CONCLUSION:- In the case of JSW steel , the ratios are very much on the lower side , not even 1:1. Especially , during the 2023 -24, the ratios undergoes a further dip , which could be due to less cash reserves or over stocking inventories.

STRENGTHS AND WEAKNESS

STRENGTHS OF JSW STEEL: • JSW steel ltd has performed well when it comes to solvency ratios, especially the interest coverage ratio is at a higher level. This indicates that there is enough EBIT to cover the amount of interest payments to be made.

• The company has borrowed a considerable amount of debt during the year 2022-23 which indicates there is obligation to pay interest which reduces the amount of EBT, which in turn reduces the amount of tax liability. For this reason there is not much of a tax burden.

• The Revenue from Operations have been increasing in the last 3 years, which is a good sign moving forward in the future.

WEAKNESSES OF JSW STEEL : • Overall as the liquidity is concerned, the lower liquidity ratios are quick ratio , cash ratio indicating that there is poor liquidity management . For this , as a remedy, the company could sell more inventory to avoid over stocking , as a result of which cash could be generated quickly.

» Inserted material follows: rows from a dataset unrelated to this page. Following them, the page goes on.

Lemma pt_on_line (a u : vec F) : pt F u \in PG_line F a -> vdot F a u = 0.
Proof.
rewrite inE => /andP[_ /existsP[_ /andP[/imsetP[c /[!inE] c_neq0 ->] /eqP]]].
by rewrite vdot_scaler => /eqP; rewrite mulf_eq0 (negPf c_neq0) => /eqP.
Qed.

Definition cross (u w : vec F) : vec F :=
  (vy F u * vz F w - vz F u * vy F w, vz F u * vx F w - vx F u * vz F w,
   vx F u * vy F w - vy F u * vx F w).

Lemma cross_eq0_scale (a m : vec F) :
  m != (0, 0, 0) -> cross a m = (0, 0, 0) -> exists c, a = vscale F c m.
Proof.
case: a m => [[a1 a2] a3] [[m1 m2] m3] m_neq0.
rewrite /cross /vscale /vx /vy /vz /= => -[/subr0_eq r23 /subr0_eq r31 /subr0_eq r12].
have [m1_0 | m1_neq0] := eqVneq m1 0; last first.
  exists (a1 / m1); congr (_, _, _); apply: (mulIf m1_neq0); rewrite mulrAC divfK //.
have [m2_0 | m2_neq0] := eqVneq m2 0; last first.
  exists (a2 / m2); congr (_, _, _); apply: (mulIf m2_neq0); rewrite mulrAC divfK //.
have [m3_0 | m3_neq0] := eqVneq m3 0; last first.
  exists (a3 / m3); congr (_, _, _); apply: (mulIf m3_neq0); rewrite mulrAC divfK //.
by move: m_neq0; rewrite m1_0 m2_0 m3_0 eqxx.
Qed.

Lemma cross_perp (a u w : vec F) :
  vdot F a u = 0 -> vdot F a w = 0 -> cross a (cross u w) = (0, 0, 0).
Proof.
case: a u w => [[a1 a2] a3] [[u1 u2] u3] [[w1 w2] w3].
rewrite /cross /vdot /vx /vy /vz /= => au aw.
have bac_cab (ui wi : F) : ui * (a1 * w1 + a2 * w2 + a3 * w3)
    - wi * (a1 * u1 + a2 * u2 + a3 * u3) = 0 by rewrite au aw !mulr0 subrr.
congr (_, _, _);
  [rewrite -(bac_cab u1 w1) | rewrite -(bac_cab u2 w2) | rewrite -(bac_cab u3 w3)]; ring.
Qed.

Lemma PG_line_through2 (a u w : vec F) :
    a != (0, 0, 0) -> u != (0, 0, 0) -> w != (0, 0, 0) -> pt F u != pt F w ->
    pt F u \in PG_line F a -> pt F w \in PG_line F a ->
  PG_line F a = PG_line F (cross u w).
Proof.
move=> a_neq0 u_neq0 w_neq0 uw /pt_on_line au /pt_on_line aw.
have uw_neq0 : cross u w != (0, 0, 0).
  apply: contra uw => /eqP /(cross_eq0_scale w_neq0) [c u_eq].
  have c_neq0 : c != 0 by apply: contraNneq u_neq0 => c0; rewrite u_eq c0 /vscale !mul0r.
  by rewrite u_eq pt_scale.
have [c a_eq] := cross_eq0_scale uw_neq0 (cross_perp au aw).
have c_neq0 : c != 0 by apply: contraNneq a_neq0 => c0; rewrite a_eq c0 /vscale !mul0r.
by rewrite a_eq line_scale.
Qed.

Lemma card_lines_through2_le1 (P Q : {set vec F}) :
    P \in PG_points F -> Q \in PG_points F -> P != Q ->
  (#|[set l in PG_lines F | (P \in l) && (Q \in l)]| <= 1)%N.
Proof.
move=> /imsetP[u /[!inE] u_neq0 ->] /imsetP[w /[!inE] w_neq0 ->] uw.
have line_uw l : l \in [set l in PG_lines F | (pt F u \in l) && (pt F w \in l)] ->
    l = PG_line F (cross u w).
  rewrite !inE => /and3P[/imsetP[a /[!inE] a_neq0 ->] ua wa].
  exact: PG_line_through2.
by apply/card_le1_eqP => l1 l2 /line_uw -> /line_uw ->.
Qed.
End Projective.

Section UnitalCount.
Variables (F : finFieldType) (q : nat).
Hypotheses (q_ge2 : (2 <= q)%N) (cardF : #|F| = (q ^ 2)%N).

Let affine_herm := [set p : F * F | p.1 ^+ q.+1 + p.2 ^+ q.+1 == -1].

Lemma card_affine_herm_le : (#|affine_herm| <= q ^ 3 - q)%N.
Proof.
pose Y := [set y : F | y ^+ q.+1 == -1].
have fibre_le x :
    (#|[set p in affine_herm | p.1 == x]| <= if x \in Y then 1 else q.+1)%N.
  pose B := [set y : F | y ^+ q.+1 == - 1 - x ^+ q.+1].
  have card_B : (#|B| <= if x \in Y then 1 else q.+1)%N.
    rewrite /B inE; case: eqP => [-> | _]; last exact: card_expr_eq_le.
    by rewrite subrr card_expr_eq0.
  apply: leq_trans _ card_B; apply: leq_trans _ (leq_imset_card (pair x) B).
  apply/subset_leq_card/subsetP => -[x' y]; rewrite !inE /= => /andP[eq_xy /eqP x'_eq].
  subst x'; apply/imsetP; exists y => //.
  by rewrite inE -(eqP eq_xy) [_ + y ^+ _]addrC addrK.
rewrite (@card_fibres _ _ fst _ setT) //.
apply: leq_trans (leq_sum _ (fun x _ => fibre_le x)) _.
rewrite (big_setID Y) setTI setTD.
rewrite (eq_bigr (fun _ => 1%N)) => [|x ->] //.
rewrite [X in (_ + X <= _)%N](eq_bigr (fun _ => q.+1)) => [|x]; last first.
  by rewrite inE => /negPf ->.
rewrite !sum_nat_const muln1.
have := cardsC Y; have := card_norm_fibreN1_ge q_ge2 cardF; rewrite cardF -/Y.
nia.
Qed.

• The return on assets, which is a very important metric for measurement of performance, has been largely on the declining side. This gives a negative impact from the business environment point of view

CONCLUSION

In summary, R programming has shown itself to be a very useful tool for financial analysts, providing strong modeling, data analysis, and visualization skills. Using R, analysts may more accurately and efficiently handle massive datasets, spot trends, and make data-driven decisions. It is constantly innovative and adaptable to the constantly changing financial scene because of its open-source structure and strong community support. In general, R helps financial analysts conduct more intricate studies, which eventually results in better financial outcomes and more informed judgments.